We’re usually very clear about whether we feel we’ve had enough sleep or not. Deprivation can quickly affect our healthy physical and mental functions; we may get ‘out of sync’ with our circadian rhythm – the twenty-four-hour pattern, initiated by exposure to sunlight and darkness, which governs the cycle of wakefulness/sleep to which most human bodily processes are set.

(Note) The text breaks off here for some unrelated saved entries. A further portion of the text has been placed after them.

(* Let $\pi=\pi_1\cdots\pi_n$ be a permutation of $\{1,\dots,n\}$. The Schröder insertion tableau $P(\pi)$ has a single column (i.e. every row of $P(\pi)$ has at most $2$ cells) if and only if $\pi$ avoids both patterns $123$ and $213$.
   Context: A Schröder tableau consists of rows $1,2,\dots$; row $r$ has $\lambda_r$ cells at positions $1,\dots,\lambda_r$, each filled with a number; cells at odd positions are upper triangles, at even positions lower triangles, and positions $2m-1,2m$ form the $m$-th square column. The Schröder insertion tableau $P(\pi)$ is built as follows. Start with $P$ having one row containing $\pi_1$. For $k=2,\dots,n$, insert $\alpha=\pi_k$ into row $i=1$ by the rule: if row $i$ is empty or $\alpha$ is larger than all its entries, place $\alpha$ in a new cell at the end of row $i$ and stop. Otherwise let $j$ be the position in row $i$ of the smallest entry larger than $\alpha$. If $j$ is even: remove the entry $\beta$ at position $j$, write $\alpha$ there, and insert $\beta$ into row $i+1$ by the same rule. If $j$ is odd and position $j+1$ exists in row $i$ with entry $\beta$: move the entry of position $j$ to position $j+1$, write $\alpha$ at position $j$, and insert $\beta$ into row $i+1$. If $j$ is odd and is the last position of row $i$: move the entry of position $j$ into a new cell at position $j+1$ at the end of row $i$, write $\alpha$ at position $j$, and stop. A permutation $\tau$ contains a pattern $\sigma$ of length $k$ if some subsequence $\tau_{i_1}\cdots\tau_{i_k}$ ($i_1<\dots<i_k$) is order-isomorphic to $\sigma$; otherwise it avoids $\sigma$. *)

From mathcomp Require Import all_boot.
Set Implicit Arguments. Unset Strict Implicit. Unset Printing Implicit Defensive.

(* Position p (1-based, as in the paper) of a row is list index p-1 (0-based).
   Hence paper-odd positions (upper triangles) are even list indices. *)
Definition row := seq nat.
Definition tableau := seq row.

(* 0-based index of the smallest entry of r larger than a (assumes one exists) *)
Definition smallest_larger_idx (r : row) (a : nat) : nat :=
  let bigger := [seq x <- r | a < x] in
  let m := foldr minn (head 0 bigger) bigger in
  index m r.

Definition row_insert (r : row) (a : nat) : row * option nat :=
  if all (fun x => x < a) r then (rcons r a, None) else
  let j := smallest_larger_idx r a in
  if odd j then (* paper position j+1 is even *)
    (set_nth 0 r j a, Some (nth 0 r j))
  else if j.+1 < size r then
    (set_nth 0 (set_nth 0 r j.+1 (nth 0 r j)) j a, Some (nth 0 r j.+1))
  else
    (set_nth 0 (rcons r (nth 0 r j)) j a, None).

Fixpoint tab_insert (t : tableau) (a : nat) : tableau :=
  match t with
  | [::] => [:: [:: a]]
  | r :: t' =>
      let: (r', ob) := row_insert r a in
      match ob with
      | None => r' :: t'
      | Some b => r' :: tab_insert t' b
      end
  end.

Definition schroder_P (pi : seq nat) : tableau :=
  match pi with
  | [::] => [::]
  | p1 :: rest => foldl tab_insert [:: [:: p1]] rest
  end.

Definition is_perm (n : nat) (pi : seq nat) : Prop := perm_eq pi (iota 1 n).

Definition order_iso (s t : seq nat) : bool :=
  (size s == size t) &&
  [forall i : 'I_(size s), forall j : 'I_(size s),
     (nth 0 s i < nth 0 s j) == (nth 0 t i < nth 0 t j)].

Definition contains (tau sigma : seq nat) : Prop :=
  exists s, subseq s tau /\ order_iso s sigma.

Definition avoids (tau sigma : seq nat) : Prop := ~ contains tau sigma.

From mathcomp Require Import all_boot zify.
Set Implicit Arguments. Unset Strict Implicit. Unset Printing Implicit Defensive.

(* As long as no letter has two smaller letters before it, P is the
   single-column tableau filled row by row with the letters read so far in
   increasing order: a new letter either lies below all of them (every entry
   moves one cell forward) or just above the minimum (all but the minimum move).
   The first letter exceeding two earlier letters exceeds the two entries of the
   first row, so it is appended there, and the first row never shrinks again.
   Such a letter is exactly the "3" of an occurrence of 123 or 213. *)

Lemma row_insert_single_below a x : x < a -> row_insert [:: a] x = ([:: x; a], None).
Proof.
move=> xa; have ax : (a < x) = false by lia.
by rewrite /row_insert /smallest_larger_idx /= ax xa /= minnn eqxx.
Qed.

Lemma row_insert_single_above m x : m < x -> row_insert [:: m] x = ([:: m; x], None).
Proof. by move=> mx; rewrite /row_insert /= mx. Qed.

Lemma row_insert_pair_below a b x :
  x < a -> a < b -> row_insert [:: a; b] x = ([:: x; a], Some b).
Proof.
move=> xa ab; have xb : x < b by lia.
have ax : (a < x) = false by lia.
rewrite /row_insert /smallest_larger_idx /= ax xa xb /=.
have -> : minn a (minn b a) = a by lia.
by rewrite eqxx.
Qed.

Lemma row_insert_pair_between m b x :
  m < x -> x < b -> row_insert [:: m; b] x = ([:: m; x], Some b).
Proof.
move=> mx xb; have bx : (b < x) = false by lia.
have xm : (x < m) = false by lia.
have mb : (m == b) = false by apply/eqP; lia.
by rewrite /row_insert /smallest_larger_idx /= bx xm xb mx /= minnn mb eqxx.
Qed.

Lemma row_insert_pair_above m b x :
  m < x -> b < x -> row_insert [:: m; b] x = ([:: m; b; x], None).
Proof. by move=> mx bx; rewrite /row_insert /= mx bx. Qed.

Lemma size_row_insert r a : size r <= size (row_insert r a).1.
Proof.
rewrite /row_insert; case: ifP => _; first by rewrite size_rcons.
case: ifP => _ /=; first by rewrite size_set_nth; lia.
case: ifP => _ /=; first by rewrite !size_set_nth; lia.
by rewrite size_set_nth size_rcons; lia.
Qed.

Lemma tab_insert_cons r t a : tab_insert (r :: t) a =
  match row_insert r a with (r', None) => r' :: t | (r', Some b) => r' :: tab_insert t b end.
Proof. by []. Qed.

Definition first_row_size (t : tableau) := size (head [::] t).

Lemma first_row_size_tab_insert t a : first_row_size t <= first_row_size (tab_insert t a).
Proof.
case: t => [|r t] //; rewrite tab_insert_cons /first_row_size /=.
by have := size_row_insert r a; case: row_insert => r' [b|].
Qed.

Lemma first_row_size_foldl t w : first_row_size t <= first_row_size (foldl tab_insert t w).
Proof.
elim: w t => [|x w IH] t //=.
exact: leq_trans (first_row_size_tab_insert t x) (IH _).
Qed.

Fixpoint column_tableau (s : seq nat) : tableau :=
  match s with
  | a :: b :: l => [:: a; b] :: column_tableau l
  | [:: a] => [:: [:: a]]
  | [::] => [::]
  end.

Lemma size_column_tableau_row s r : r \in column_tableau s -> size r <= 2.
Proof.
move: {2}(size s) (leqnn (size s)) => n.
elim: n s => [|n IH] [|a [|b l]] //= sz_s; rewrite ?inE; try by move/eqP->.
by case/orP => [/eqP->|]; last (apply: IH; lia).
Qed.

Lemma tab_insert_column_below s x :
  path ltn x s -> tab_insert (column_tableau s) x = column_tableau (x :: s).
Proof.
move: {2}(size s) (leqnn (size s)) => n.
elim: n s x => [|n IH] [|a [|b l]] x // sz_s.
- by case/andP => xa _; rewrite [column_tableau _]/= tab_insert_cons row_insert_single_below.
- case/and3P => xa ab bl.
  rewrite [column_tableau (a :: _)]/= tab_insert_cons row_insert_pair_below // IH //=.
  by move: sz_s => /=; lia.
Qed.

Lemma tab_insert_column_above_min m s x : m < x -> path ltn x s ->
  tab_insert (column_tableau (m :: s)) x = column_tableau (m :: x :: s).
Proof.
case: s => [|b l] mx; first by rewrite tab_insert_cons row_insert_single_above.
case/andP => xb bl.
by rewrite [column_tableau _]/= tab_insert_cons row_insert_pair_between // tab_insert_column_below //= xb.
Qed.

Lemma count_lt_path_above m l x : path ltn m l -> x <= m -> count (fun y => y < x) l = 0.
Proof.
elim: l m => [|y l IH] m //= /andP[my ml] xm.
rewrite ltnNge (ltnW (leq_ltn_trans xm my)) (IH y) //.
exact: ltnW (leq_ltn_trans xm my).
Qed.

Lemma count_lt0_path s x : sorted ltn s -> count (fun y => y < x) s = 0 -> x \notin s ->
  path ltn x s.
Proof.
case: s => [|m l] //= ml; case: (ltnP m x) => //= xm _.
by rewrite inE negb_or => /andP[/eqP neq_xm _]; rewrite ml andbT; lia.
Qed.

Lemma count_lt1_path s x : sorted ltn s -> count (fun y => y < x) s = 1 -> x \notin s ->
  exists m l, [/\ s = m :: l, m < x & path ltn x l].
Proof.
case: s => [|m l] //= ml; case: (ltnP m x) => [mx [l0]|xm]; last by rewrite (count_lt_path_above ml xm).
rewrite inE negb_or => /andP[_ xl]; exists m, l; split => //.
exact: count_lt0_path (path_sorted ml) l0 xl.
Qed.

Lemma count_lt2_path s x : sorted ltn s -> 1 < count (fun y => y < x) s ->
  exists m b l, [/\ s = m :: b :: l, m < x & b < x].
Proof.
case: s => [|m [|b l]] //=; first by case: (m < x).
case/andP => mb bl; case: (ltnP b x) => bx; last by rewrite (count_lt_path_above bl bx); case: (m < x).
by exists m, b, l; split => //; lia.
Qed.

Lemma tab_insert_column_few_smaller s x :
  sorted ltn s -> x \notin s -> count (fun y => y < x) s < 2 ->
  exists s', [/\ sorted ltn s', perm_eq s' (x :: s)
             & tab_insert (column_tableau s) x = column_tableau s'].
Proof.
move=> s_sorted x_notin; case E: count => [|[|//]] _.
  have xs := count_lt0_path s_sorted E x_notin.
  by exists (x :: s); rewrite tab_insert_column_below.
have [m [l [-> mx xl]]] := count_lt1_path s_sorted E x_notin.
exists (m :: x :: l); split; first by rewrite /= mx.
  by rewrite -(cat1s m) -(cat1s x) perm_catCA.
exact: tab_insert_column_above_min.
Qed.

Lemma tab_insert_column_two_smaller s x :
  sorted ltn s -> 1 < count (fun y => y < x) s ->
  2 < first_row_size (tab_insert (column_tableau s) x).
Proof.
move=> s_sorted two; have [m [b [l [-> mx bx]]]] := count_lt2_path s_sorted two.
by rewrite [column_tableau _]/= tab_insert_cons row_insert_pair_above.
Qed.

Fixpoint two_smaller_before (u w : seq nat) : bool :=
  if w is x :: w' then (1 < count (fun y => y < x) u) || two_smaller_before (rcons u x) w'
  else false.

Lemma two_smaller_beforeP u w :
  reflect (exists w1 x w2, w = w1 ++ x :: w2 /\ 1 < count (fun y => y < x) (u ++ w1))
          (two_smaller_before u w).
Proof.
elim: w u => [|x w IH] u /=.
  by constructor; case=> [[|? ?] [? [? []]]].
apply: (iffP orP) => [[two|/IH [w1 [y [w2 [-> two]]]]]|].
- by exists [::], x, w; split; rewrite ?cats0.
- by exists (x :: w1), y, w2; split; rewrite // -cat_rcons.
case=> [[|z w1] [y [w2 [/= [<- Ew] two]]]]; first by left; rewrite cats0 in two.
by right; apply/IH; exists w1, y, w2; rewrite cat_rcons.
Qed.

Lemma foldl_tab_insert_column u w s :
  uniq (u ++ w) -> sorted ltn s -> perm_eq s u ->
  if two_smaller_before u w
  then is_true (2 < first_row_size (foldl tab_insert (column_tableau s) w))
  else exists s', foldl tab_insert (column_tableau s) w = column_tableau s'.
Proof.
elim: w u s => [|x w IH] u s uniq_uw s_sorted perm_su /=; first by exists s.
have count_su : count (fun y => y < x) s = count (fun y => y < x) u by apply/permP.
have x_notin : x \notin s.
  by rewrite (perm_mem perm_su); move: uniq_uw; rewrite cat_uniq /= => /and3P[_ /norP[]].
case: ltnP => [two | few] /=.
  apply: leq_trans (first_row_size_foldl _ _).
  by apply: tab_insert_column_two_smaller; rewrite ?count_su.
rewrite -count_su -ltnS in few.
have [s' [s'_sorted perm_s' ->]] := tab_insert_column_few_smaller s_sorted x_notin few.
apply: IH => //; first by rewrite cat_rcons.
by apply: perm_trans perm_s' _; rewrite perm_sym perm_rcons perm_cons perm_sym.
Qed.

Lemma order_iso3 a b c x y z :
  (a < b) = (x < y) -> (b < c) = (y < z) -> (a < c) = (x < z) ->
  (b < a) = (y < x) -> (c < b) = (z < y) -> (c < a) = (z < x) ->
  order_iso [:: a; b; c] [:: x; y; z].
Proof.
move=> e1 e2 e3 e4 e5 e6; apply/andP; split=> //; apply/forallP => i; apply/forallP => j.
by case: i => [[|[|[|i]]] ?] //; case: j => [[|[|[|j]]] ?] //=; rewrite ?ltnn ?e1 ?e2 ?e3 ?e4 ?e5 ?e6.
Qed.

Lemma two_smaller_before_contains pi : uniq pi -> two_smaller_before [::] pi ->
  contains pi [:: 1; 2; 3] \/ contains pi [:: 2; 1; 3].
Proof.
move=> uniq_pi /two_smaller_beforeP [w1 [x [w2 [def_pi two]]]].
set f := [seq y <- w1 | y < x].
have size_f : 1 < size f by rewrite size_filter.
have uniq_f : uniq f by apply: filter_uniq; move: uniq_pi; rewrite def_pi cat_uniq => /andP[].
have sub_f : subseq f w1 := filter_subseq _ w1.
case Ef : f size_f uniq_f sub_f => [|a [|b r]] //= _ /andP[].
rewrite inE negb_or => /andP[neq_ab _] _ sub_ab.
have : a \in f by rewrite Ef inE eqxx.
have : b \in f by rewrite Ef !inE eqxx orbT.
rewrite !mem_filter => /andP[bx _] /andP[ax _].
have sub_abx : subseq [:: a; b; x] pi.
  rewrite def_pi -[[:: a; b; x]]/([:: a; b] ++ [:: x]); apply: cat_subseq.
    by apply: subseq_trans sub_ab; rewrite /= !eqxx sub0seq.
  by rewrite /= eqxx sub0seq.
case: (ltnP a b) => [lt_ab | le_ba]; [left | right]; exists [:: a; b; x]; split => //;
  apply: order_iso3; lia.
Qed.

Lemma contains_two_smaller_before pi sigma : uniq pi ->
  sigma \in [:: [:: 1; 2; 3]; [:: 2; 1; 3]] -> contains pi sigma -> two_smaller_before [::] pi.
Proof.
move=> uniq_pi sigma_in [s [sub_s /andP[/eqP size_s /forallP iso_s]]].
have {}sigma_in : sigma = [:: 1; 2; 3] \/ sigma = [:: 2; 1; 3].
  by move: sigma_in; rewrite !inE => /orP[]/eqP ->; [left | right].
have size3 : size s = 3 by rewrite size_s; case: sigma_in => ->.
case: s size_s size3 sub_s iso_s => [|a [|b [|c [|? ?]]]] //= _ _ sub_s iso_s.
have lt_to_c i (lt_i2 : i < 2) : nth 0 [:: a; b; c] i < c.
  move/forallP: (iso_s (Ordinal (ltn_trans lt_i2 (ltnSn 2)))) => /(_ (Ordinal (ltnSn 2))) /eqP /= ->.
  by case: sigma_in => ->; case: i lt_i2 => [|[]].
have c_in : c \in pi by apply: (mem_subseq sub_s); rewrite !inE eqxx !orbT.
case/splitPr: c_in uniq_pi sub_s => w1 w2 uniq_pi sub_s.
apply/two_smaller_beforeP; exists w1, c, w2; split => //.
move: sub_s; rewrite -[[:: a; b; c]]/([:: a; b] ++ [:: c]) uniq_subseq_pivot // => /andP[sub_ab _].
apply: leq_trans (leq_count_subseq _ sub_ab).
by rewrite /= (lt_to_c 0) // (lt_to_c 1).
Qed.

Lemma avoids_123_213P pi : uniq pi ->
  (avoids pi [:: 1; 2; 3] /\ avoids pi [:: 2; 1; 3]) <-> ~~ two_smaller_before [::] pi.
Proof.
move=> uniq_pi; split.
  by case=> no123 no213; apply/negP => /(two_smaller_before_contains uniq_pi) [].
by move/negP=> none; split=> /(contains_two_smaller_before uniq_pi) => /(_ isT).
Qed.

Theorem mainTheorem9 (n : nat) (pi : seq nat) :
  is_perm n pi ->
  ((forall r, r \in schroder_P pi -> size r <= 2) <->
   (avoids pi [:: 1; 2; 3] /\ avoids pi [:: 2; 1; 3])).
Proof.
move=> perm_pi; have uniq_pi : uniq pi by rewrite (perm_uniq perm_pi) iota_uniq.
rewrite (avoids_123_213P uniq_pi).
case: pi uniq_pi {perm_pi} => [|p rest] uniq_pi; first by [].
have := @foldl_tab_insert_column [:: p] rest [:: p] uniq_pi (erefl _) (perm_refl _).
rewrite /schroder_P -[[:: [:: p]]]/(column_tableau [:: p]) /=.
case: two_smaller_before => [wide | [s ->]]; split=> // first_rows_small.
  case: foldl wide first_rows_small => [|r t] //= wide /(_ r).
  by rewrite inE eqxx leqNgt /first_row_size /= wide => /(_ isT).
exact: size_column_tableau_row.
Qed.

It may help us to understand the link between sleep and health if we examine the interaction between the hormones melatonin – the body’s own natural sleeping pill and ‘timekeeper’ – and serotonin which is involved in pain perception, temperature control, blood-pressure regulation, appetite, memory, and mood. During the day, our exposure to natural sunshine stimulates the production of serotonin. As daylight fades and we prepare for sleep, our bodies start secreting melatonin which is derived from serotonin.

If our lifestyle and sleep pattern upsets this hormonal balance and our circadian rhythm we may notice adverse effects similar to ‘jet lag’ – inability to control speech, access memory, and solve problems. The body may also become more susceptible to disease as the immune system may be compromised.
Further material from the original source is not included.